Since getting a second opinion at the Royal Marsden I have stayed there for my treatment,mainly because I get regular scans which is something I had to fight for in West Sussex.
It really makes me angry that when we have secs we have to fight for treatment.

Hi happyfeet
I just want to say that I agree with everyone else here. Your experience sounds dreadful. I got a second opinion from the marsden and stayed with them for my treatment. They completed all my life insurance forms at the marsden and I received payment in the middle of last year. the secondary breast cancer nurses there have been wonderful and have helped me with all my forms - disability allowance,blue badge etc.
I was also reffered to the Macmillan nurses via my GP. They come to visit me regularly and are helpful in so many ways I can’t begin to list them!
Mxx

Happyfeet, it sounds like nothing is going your way, and you have my sympathy, but if I might be so bold, I think the main thing is to focus on the here and now - because you can’t change the past, and you can’t prevent those you love from becoming ill). Obviously, you’ve had a bad experience with your last Oncologist, and it’s understandable that you feel bitter (and as Lucinda say’s people with secondaries shouldn’t have to fight for treatment). But the sad fact is that people with secondaries do frequently have to fight for treatment. Like you, my first Oncologist was terrible, and I also voted with my feet (and I know several others who have had similar problems).
It’s good that you have moved to the Marsden, because you’re getting treatment now, but if you feel they are not being communicative /pro-active / encouraging, why not explain how you feel? Maybe you could take someone along to give you moral support? With regard to the insurance situation, and worries about your son, why not ask for an appointment with a Breast Care Nurse at your next consultation, and talk things through?
Finally, I know this is no consulation, but if your Oncologist is uncertain about your prognosis, surely that is preferable to a certain terminal prognosis? The words that have given me most comfort (and may also comfort you), were spoken by my Oncologist. He said people simply do not die of bone metastases. So when the think the grim reaper is looking over your shoulder, poke him in the eye.

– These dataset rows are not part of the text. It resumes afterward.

Lemma lmulBl (h : L) : {morph (@lmul K n)^~ h : f g / f - g}.
Proof. by move=> f g; rewrite lmulDl -scaleN1r lmulZl scaleN1r. Qed.

Lemma lmulBr f : {morph @lmul K n f : g h / g - h}.
Proof. by move=> g h; rewrite lmulDr -scaleN1r lmulZr scaleN1r. Qed.

Lemma mcoeff_sum_monalgU (d : {fset 'rV[int]_n}) (F : 'rV[int]_n -> K) p :
  (forall a, a \notin d -> F a = 0) ->
  (\sum_(a <- d) << F a *g a >> : L)@_p = F p.
Proof.
move=> F0; rewrite raddf_sum /=.
have [pd|pNd] := boolP (p \in d).
  rewrite (big_fsetD1 p) //= mcoeffUU big1_fset ?addr0 // => a.
  by rewrite in_fsetD1 mcoeffU => /andP[/negPf -> _]; rewrite mulr0n.
rewrite F0 // big1_fset // => a ad _; rewrite mcoeffU.
by case: eqP => [ap|]; rewrite ?mulr0n // ap F0.
Qed.

End LaurentMul.

Section Monomials.
Variables (K : fieldType) (n : nat).
Local Notation L := (laurent K n).
Implicit Types (f g : L) (x y : K) (a b p : 'rV[int]_n).

(* Locked: unification that unfolds [<< x *g a >>] into its finitely
   supported function is prohibitively slow. *)
Fact monomial_key : unit. Proof. by []. Qed.
Definition monomial : K -> 'rV[int]_n -> L :=
  locked_with monomial_key (fun x a => << x *g a >>).

Lemma monomialE x a : monomial x a = << x *g a >>.
Proof. by rewrite /monomial locked_withE. Qed.

Lemma mcoeff_monomial x a p : (monomial x a)@_p = x *+ (a == p).
Proof. by rewrite monomialE mcoeffU. Qed.

Lemma monomial_eq0 x a : (monomial x a == 0) = (x == 0).
Proof. by rewrite monomialE monalgU_eq0. Qed.

Lemma monomialD x y a : monomial x a + monomial y a = monomial (x + y) a.
Proof. by rewrite !monomialE monalgUD. Qed.

Lemma monomialB x y a : monomial x a - monomial y a = monomial (x - y) a.
Proof. by rewrite !monomialE monalgUB. Qed.

Lemma monomialZ x y a : monomial (x * y) a = x *: monomial y a.
Proof. by rewrite !monomialE monalgUZ. Qed.

Lemma lmul_monomial x y a b :
  lmul (monomial x a) (monomial y b) = monomial (x * y) (a + b).
Proof. by rewrite !monomialE lmulUU. Qed.

Lemma monomial_ext (V : zmodType) (F G : L -> V) :
  {morph F : f g / f + g} -> {morph G : f g / f + g} ->
  (forall x a, F (monomial x a) = G (monomial x a)) -> F =1 G.
Proof.
move=> FD GD FG f.
have F0 : F 0 = 0 by apply/(addrI (F 0)); rewrite -FD !addr0.
have G0 : G 0 = 0 by apply/(addrI (G 0)); rewrite -GD !addr0.
rewrite [f]monalgE (big_morph F FD F0) (big_morph G GD G0).
by apply: eq_bigr => a _; rewrite -monomialE.
Qed.

End Monomials.

Section EulerOperators.
Variables (K : fieldType) (n : nat).
Local Notation L := (laurent K n).
Local Notation H := (@H K n).
Implicit Types (f g : L) (x : K) (a b p : 'rV[int]_n) (c : 'I_n -> K).

Lemma mcoeffH i f p : (H i f)@_p = (p ord0 i)%:~R * f@_p.
Proof. by rewrite /H mcoeff_sum_monalgU // => a /mcoeff_outdom ->; rewrite mulr0. Qed.

Lemma HD i : {morph H i : f g / f + g}.
Proof.
move=> f g; apply/malgP => p.
rewrite [RHS]mcoeffD [LHS]mcoeffH [X in _ = X + _]mcoeffH [X in _ = _ + X]mcoeffH.
by rewrite mcoeffD mulrDr.
Qed.

Lemma HZ i x f : H i (x *: f) = x *: H i f.
Proof.
apply/malgP => p; rewrite [RHS]mcoeffZ [LHS]mcoeffH [in RHS]mcoeffH.
by rewrite mcoeffZ mulrCA.
Qed.

Lemma H_monomial i x a : H i (monomial x a) = monomial ((a ord0 i)%:~R * x) a.
Proof.
apply/malgP => p; rewrite mcoeffH !mcoeff_monomial.
by case: eqP => [->|_]; rewrite ?mulr0n ?mulr1n ?mulr0.
Qed.

Definition hweight c p : K := \sum_j c j * (p ord0 j)%:~R.

Definition Hsum c : L -> L := fun f => \sum_j c j *: H j f.

Lemma mcoeff_Hsum c f p : (Hsum c f)@_p = hweight c p * f@_p.
Proof.
rewrite raddf_sum mulr_suml /=; apply: eq_bigr => j _.
by rewrite mcoeffZ mcoeffH mulrA.
Qed.

Lemma hweightB c p q : hweight c (p - q) = hweight c p - hweight c q.
Proof. by rewrite -sumrB; apply: eq_bigr => j _; rewrite !mxE intrB mulrBr. Qed.

Lemma hweight_delta c j : hweight c (delta_mx 0 j) = c j.
Proof.
rewrite /hweight (bigD1 j) //= big1 => [|l /negPf lj]; rewrite mxE ?eqxx ?lj //.
  by rewrite mulr1 addr0.
by rewrite andbF mulr0.
Qed.

End EulerOperators.

Lemma leibniz_commutator (V : zmodType) (mul : V -> V -> V) (D1 D2 : V -> V) :
  (forall w, {morph mul^~ w : u v / u - v}) ->
  (forall u, {morph mul u : v w / v - w}) ->
  {morph D1 : u v / u + v} -> {morph D2 : u v / u + v} ->
  (forall u v, D1 (mul u v) = mul (D1 u) v + mul u (D1 v)) ->
  (forall u v, D2 (mul u v) = mul (D2 u) v + mul u (D2 v)) ->
  forall u v, D1 (D2 (mul u v)) - D2 (D1 (mul u v)) =
    mul (D1 (D2 u) - D2 (D1 u)) v + mul u (D1 (D2 v) - D2 (D1 v)).
Proof.
move=> mulBl mulBr D1D D2D l1 l2 u v.
have cross_cancel (a x y b a' b' : V) :
    a + x + (y + b) - (a' + y + (x + b')) = a - a' + (b - b').
  rewrite (addrC y b) (addrC x b') (addrACA a x) (addrACA a' y) (addrC y x).
  by rewrite [a' + b' + _]addrC addrKA opprD addrACA.
by rewrite l2 l1 D1D D2D !l1 !l2 mulBl mulBr cross_cancel.
Qed.

Section Derivations.
Variables (K : fieldType) (n : nat).
Local Notation L := (laurent K n).
Local Notation H := (@H K n).
Local Notation Hsum := (@Hsum K n).
Local Notation monomial := (@monomial K n).
Local Notation is_der := (@is_der K n).
Implicit Types (f g : L) (x y : K) (D : L -> L) (a b m p : 'rV[int]_n).

Lemma derD D : is_der D -> {morph D : f g / f + g}.
Proof. by case=> lin _ f g; have := lin 1 f g; rewrite !scale1r. Qed.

Thanks for your kind words and understanding ladies. Just to clarify, lest it appear that I am just a moaning minnie unable to get on with any Oncologist - I went for 2nd opinion at the Marsden, they gave advice on treatment but said best to stay with local hospital, which I have done but changed Oncologist hence stuck in the same system.

Lemongrove, I read your posts and know that you are very knowledgeable. I wish either of my Oncologists had said that “you don’t die of bone mets”, I’ve had a much blacker picture painted and I can’t seem to un-paint it, however much I try to live in the here and now.I spoke to a BCN yesterday at my local hospital and she is coming to my appt tomorrow with me. I will try not to get worked up or tearful. Best wishes everyone x

Hi Happyfeet

Aargh - the curse of the wrongly-hit-key. Had just typed a post of epic proportions and it disappeared.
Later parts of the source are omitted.